I always looked up to him; he was intelligent, ambitious, strong and a larger than life character. Even the doctors remarked she was surprised to see he lived as long as he did based on the scans of his lungs. She said it must have been sheer will and determination that got him through his last years.


I feel sad for a number of reasons. Firstly, I have lost a parent. Secondly, and largely, my dad and I did not have the best relationship, it wasn't the worst but it could certainly have been better, I keep thinking about the times I could have been nicer. And finally, I keep thinking about all the things I couldn't give him while he was alive. My dad loved my niece; she turned 1 a day after my dad died. My niece was the apple of my dad's eye. He loved spending time with her. There would be times when he'd come back from dialysis (he had dialysis three times a week) and he'd rush over to play with her. I am sad that I couldn't give him a grandchild; I know he would have loved to be a grandfather to more children.

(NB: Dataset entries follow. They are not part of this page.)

Lemma gmap_expand (R : comNzRingType) n (T : tensor R n) (a b : 'I_n -> R)
    (A B : 'I_n -> 'I_2 -> R) :
  gmap T (fun l k => a l * A l k + b l * B l k) =
  \sum_(J : {set 'I_n}) (\prod_(l in J) a l * \prod_(l in ~: J) b l) *
    gmap T (fun l => if l \in J then A l else B l).
Proof.
rewrite /gmap; under eq_bigr do rewrite bigA_distr mulr_sumr.
rewrite exchange_big /=; apply: eq_bigr => J _; rewrite mulr_sumr.
apply: eq_bigr => s _; rewrite mulrCA; congr (_ * _).
rewrite [X in _ = _ * X](bigID (mem J)) /= mulrACA.
under [\prod_(l in ~: J) _]eq_bigl do rewrite in_setC.
rewrite -!big_split [LHS](bigID (mem J)) /=.
by congr (_ * _); apply: eq_bigr => l; [move=> -> | move=> /negbTE ->].
Qed.

Lemma big_setU1_pairs (T : finType) (V : nmodType) (i : T) (F : {set T} -> V) :
  \sum_(J : {set T}) F J = \sum_(C : {set T} | i \notin C) (F (i |: C) + F C).
Proof.
rewrite big_split /= (bigID (fun J : {set T} => i \in J)) /=; congr (_ + _).
rewrite (reindex_onto (fun C => i |: C) (fun J => J :\ i)) => [|J iJ]; last first.
  exact: setD1K.
apply: eq_bigl => C; rewrite setU11 /=.
apply/eqP/idP => [<-|iC]; first by rewrite !inE eqxx.
exact: setU1K.
Qed.

Definition shapley_poly (R : nzRingType) n (T : tensor R n) (x : 'I_n -> R)
    (i : 'I_n) : {poly R} :=
  \sum_(C : {set 'I_n} | i \notin C)
    (coal T x (i |: C) - coal T x C) *: 'X^(n - #|C|.+1).

Definition query_vec (R : nzRingType) n (x : 'I_n -> R) (i : 'I_n) (u : R) :
    'I_n -> 'I_2 -> R :=
  fun l k => if k == ord0 then x l else if l == i then 0 else 1 + u.

Lemma gmap_query_vec (R : comNzRingType) n (T : tensor R n) x i (u : R) :
  gmap T (query_vec x i u) = (shapley_poly T x i).[u].
Proof.
pose b l : R := if l == i then -1 else u.
rewrite (@gmap_ext _ _ _ _ (fun l k => 1 * tvec (x l) k + b l * tvec 0 k)); last first.
  by move=> l k; rewrite /query_vec /tvec /b; case: (k == ord0); case: (l == i); ring.
rewrite gmap_expand (big_setU1_pairs i) horner_sum; apply: eq_bigr => C iC.
have prod_u : \prod_(l in ~: (i |: C)) b l = u ^+ (n - #|C|.+1).
  rewrite (eq_bigr (fun=> u)) ?prodr_const; last first.
    by move=> l; rewrite !inE negb_or /b => /andP[/negbTE -> _].
  congr (_ ^+ _); have := cardsC (i |: C); rewrite cardsU1 iC card_ord; lia.
have prod_Cc : \prod_(l in ~: C) b l = - u ^+ (n - #|C|.+1).
  have -> : ~: C = i |: ~: (i |: C).
    by apply/setP => l; rewrite !inE; case: eqP => // ->.
  by rewrite big_setU1 /= ?prod_u /b ?eqxx ?mulN1r // !inE eqxx.
rewrite prod_u prod_Cc !big1_eq hornerZ hornerXn /coal; ring.
Qed.

Section WeightedCoefSum.
Variable R : comNzRingType.
Implicit Types (om : nat -> R) (p q : {poly R}).

Definition wcoef om p : R := \sum_(l < size p) om l * p`_l.

Lemma eq_wcoef om om' p : om =1 om' -> wcoef om p = wcoef om' p.
Proof. by move=> eq_om; apply: eq_bigr => l _; rewrite eq_om. Qed.

Lemma wcoefE om p N : (size p <= N)%N -> wcoef om p = \sum_(l < N) om l * p`_l.
Proof.
move=> leN; rewrite /wcoef (big_ord_widen _ (fun l => om l * p`_l) leN) big_mkcond.
by apply: eq_bigr => l _; case: ltnP => // /(nth_default 0) ->; rewrite mulr0.
Qed.

Lemma wcoefD om p q : wcoef om (p + q) = wcoef om p + wcoef om q.
Proof.
set N := maxn (size p) (size q).
rewrite !(@wcoefE _ _ N) ?leq_maxl ?leq_maxr ?(leq_trans (size_polyD _ _)) //.
by rewrite -big_split; apply: eq_bigr => l _; rewrite coefD mulrDr.
Qed.

Lemma wcoefZ om a p : wcoef om (a *: p) = a * wcoef om p.
Proof.
rewrite (@wcoefE _ _ (size p)) ?size_scale_leq // /wcoef mulr_sumr.
by apply: eq_bigr => l _; rewrite coefZ mulrCA.
Qed.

I am also sad that he saw me struggle with jobs, relationships and friendships. I wish I could have made him proud of me. I wish I could have given him the peace that I will be able to make it on my own. I know that I can; but I don't think he knew I can.


I am also sad that our house, which used to be so full at the beginning of the year with six of us has now whittled down to just two. My sister was home with her husband and daughter and there was me, mum and dad. A party of six. My sister has moved out; she's only a few minutes down the road; so now, it's just me and my mum.


There is so much more I want to say, so much I am going through and so many things I am trying to process. I am trying to take baby steps, I am trying to take care of myself but I am struggling. Simple things like eating and sleeping properly seem so hard and I cannot shut off my thinking.


I know that one day, all of this will be a memory and I cannot wait till then. But right now, this is the darkest time of my life....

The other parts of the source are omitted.